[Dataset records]
⟨

Theorem mainTheorem3 (R : realType) (n p : nat) (X : 'M[R]_(n, p))
    (a gamma : R) :
  ~~ odd n ->
  Sxx X \in unitmx ->
  0 < a -> 0 <= gamma ->
  running_prob X gamma a n./2 t @[t --> \oo] --> 0 ->
  (forall w : @assignment n, ntreated w = n./2 ->
     psrr_prob X gamma a n./2 w
     = psrr_prob X gamma a n./2 [ffun i => ~~ w i])
  /\
  (forall i : 'I_n,
     \sum_(w : @assignment n | w i) psrr_prob X gamma a n./2 w = 1 / 2
     /\ \sum_(w : @assignment n | ~~ w i) psrr_prob X gamma a n./2 w = 1 / 2).
Proof.
move=> even_n _ a_gt0 gamma_ge0 running_cvg0.
have n_double : n = (n./2 + n./2)%N.
  by rewrite addnn -[LHS]odd_double_half (negbTE even_n).
have balanced : (n - n./2)%N = n./2 by lia.
have psrr_compl w := psrr_prob_compl X gamma a w balanced.
split => [w _ | i]; first by rewrite psrr_compl.
apply: sum_compl_invariant_half => //.
apply: psrr_prob_sum1 => //; lia.
Qed.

⟩

Produce exactly the lines from the one containing "have n_double : n = (n./2 + n./2)%N." through the final line of the records above, both included, and no others.

have n_double : n = (n./2 + n./2)%N.
  by rewrite addnn -[LHS]odd_double_half (negbTE even_n).
have balanced : (n - n./2)%N = n./2 by lia.
have psrr_compl w := psrr_prob_compl X gamma a w balanced.
split => [w _ | i]; first by rewrite psrr_compl.
apply: sum_compl_invariant_half => //.
apply: psrr_prob_sum1 => //; lia.
Qed.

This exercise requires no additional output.